JODIE: Bem, por onde eu começo? [risos] Ah, não, foi a coisa mais fácil. Estar tão confortável! [mais risos, porque gravaram em locais isolados e nevados]. Quero dizer, o frio, estava frio. Se parece frio, estava frio. Não há muita atuação lá. Acho que o maior desafio foi quando não estava tão frio e tínhamos que estar com frio. Isso foi o mais desafiador, porque havia muitas outras coisas com que me preocupar. [risos]
Kali teve muito mais cenas externas do que eu, e ela congelou. Houve dias em que tivemos que sair à meia-noite, porque havia uma grande tempestade chegando, mas por alguma razão, tive sorte. Houve apenas cerca de 8 ou 10 dias em que fiquei doente e perdi a voz. E esses foram os piores dias da gravação. Mas adorei trabalhar com a equipe, adorei trabalhar com a Issa, minha diretora favorita com quem já trabalhei, e olha e trabalhei com muitos diretores e alguns deles não são ruins [risos].
CLAUDIA: “True Detective” tem a tendência de apresentar protagonistas opostos, como mencionou. Como esses Denver e Navarro agem nesse sentido?
JODIE: Nós nos odiamos no começo, mas sempre há respeito. Essa também é uma verdadeira característica de True Detective – não importa o quanto se odeiem e o quanto revirem os olhos um para o outro, eles têm total respeito por quem a outra pessoa é como detetive. Porque o outro é tão obcecado quanto eles. O outro está tão danificado quanto eles. E acho que essa é a conexão deles.
Eu sinto que as duas personagens têm muito a aprender uma com a outra, e Issa fez uma coisa muito inteligente ao fazer com que suas jornadas, de certa forma, fossem uma espécie de jornada sombria. Minha personagem está, você sabe, despertando, e a personagem de Navarro está aprendendo a administrar o medo em torno de quão acordada ela está. E então eles são como jornadas ligadas.

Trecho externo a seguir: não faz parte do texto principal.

(* Let $\mathcal X$ and $\mathcal U$ be finite nonempty sets, $f:\mathcal X\times\mathcal U\to\mathcal X$, and $\ell,g:\mathcal X\to\mathbb R$. Define, for $x\in\mathcal X$, $$V_{\mathrm A}^*(x)=\max_{\pi\in\Pi}\min_{\tau\in\mathbb N} g(\xi_x^\pi(\tau)),\qquad \tilde\ell(x)=\min\{\ell(x),V_{\mathrm A}^*(x)\},$$ $$\tilde V_{\mathrm{RA}}^*(x)=\max_{\pi\in\Pi}\max_{\tau\in\mathbb N}\min\Big\{\tilde\ell(\xi_x^\pi(\tau)),\ \min_{\kappa\le\tau} g(\xi_x^\pi(\kappa))\Big\}.$$ Then for every $x\in\mathcal X$, $$\max_{\bar\pi\in\overline\Pi}\min\Big\{\max_{\tau\in\mathbb N}\ell(\bar\xi_x^{\bar\pi}(\tau)),\ \min_{\tau\in\mathbb N} g(\bar\xi_x^{\bar\pi}(\tau))\Big\}=\max_{\mathbf u\in\mathbb U}\min\Big\{\max_{\tau\in\mathbb N}\ell(\xi_x^{\mathbf u}(\tau)),\ \min_{\kappa\in\mathbb N} g(\xi_x^{\mathbf u}(\kappa))\Big\}=\tilde V_{\mathrm{RA}}^*(x).$$
   Context: $\mathbb N=\{0,1,2,\dots\}$. $\Pi$ is the set of maps $\pi:\mathcal X\to\mathcal U$ and $\mathbb U$ the set of action sequences $\mathbf u:\mathbb N\to\mathcal U$. For $x\in\mathcal X$ and $\pi\in\Pi$, $\xi_x^\pi:\mathbb N\to\mathcal X$ is given by $\xi_x^\pi(0)=x$, $\xi_x^\pi(t+1)=f(\xi_x^\pi(t),\pi(\xi_x^\pi(t)))$; for $\mathbf u\in\mathbb U$, $\xi_x^{\mathbf u}(0)=x$, $\xi_x^{\mathbf u}(t+1)=f(\xi_x^{\mathbf u}(t),\mathbf u(t))$. Let $\mathcal Y=\{\ell(x):x\in\mathcal X\}$, $\mathcal Z=\{g(x):x\in\mathcal X\}$, and let $\overline\Pi$ be the set of augmented policies $\bar\pi:\mathcal X\times\mathcal Y\times\mathcal Z\to\mathcal U$. For $\bar\pi\in\overline\Pi$ and $x\in\mathcal X$, the augmented trajectory $(\bar\xi_x^{\bar\pi},\bar y_x^{\bar\pi},\bar z_x^{\bar\pi})$ is defined by $\bar\xi_x^{\bar\pi}(0)=x$, $\bar y_x^{\bar\pi}(0)=\ell(x)$, $\bar z_x^{\bar\pi}(0)=g(x)$ and $\bar\xi_x^{\bar\pi}(t+1)=f\big(\bar\xi_x^{\bar\pi}(t),\bar\pi(\bar\xi_x^{\bar\pi}(t),\bar y_x^{\bar\pi}(t),\bar z_x^{\bar\pi}(t))\big)$, $\bar y_x^{\bar\pi}(t+1)=\max\{\ell(\bar\xi_x^{\bar\pi}(t+1)),\bar y_x^{\bar\pi}(t)\}$, $\bar z_x^{\bar\pi}(t+1)=\min\{g(\bar\xi_x^{\bar\pi}(t+1)),\bar z_x^{\bar\pi}(t)\}$. *)

From mathcomp Require Import all_boot all_order all_algebra.
From mathcomp Require Import all_classical all_reals.
Set Implicit Arguments. Unset Strict Implicit. Unset Printing Implicit Defensive.
Import Order.TTheory GRing.Theory Num.Theory.
Local Open Scope ring_scope.
Local Open Scope classical_set_scope.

CLAUDIA: Você tem experiência de trabalhar com monstros na tela. Qual é a coisa mais desafiadora em contar esse tipo de história?
JODIE: Eu os amo. Adoro drama e adoro ir às partes mais profundas e sombrias da alma. É por isso que faço filmes. É por isso que vou ver filmes para habitar naquele espaço. Então sim, gosto de lidar com monstros. Uma das melhores coisas sobre O Silêncio dos Inocentes é que na relação entre Lecter e Clarice ela não pensa nele como um monstro. Ela quer entendê-lo, o vê como inteiramente humano, enquanto os outros personagens o colocaram em uma caixa de uma pessoa monstruosa, que não merece viver.
Ela quer conhecê-lo para solucionar o crime e sinto que isso também é verdade para qualquer um que seja excelente como detetive: tem que respeitar o assassino e entender as motivações dele. Só compreendendo e respeitando como sere humano é que conseguirá compreender e acabar com o crime, fazer as perguntas certas.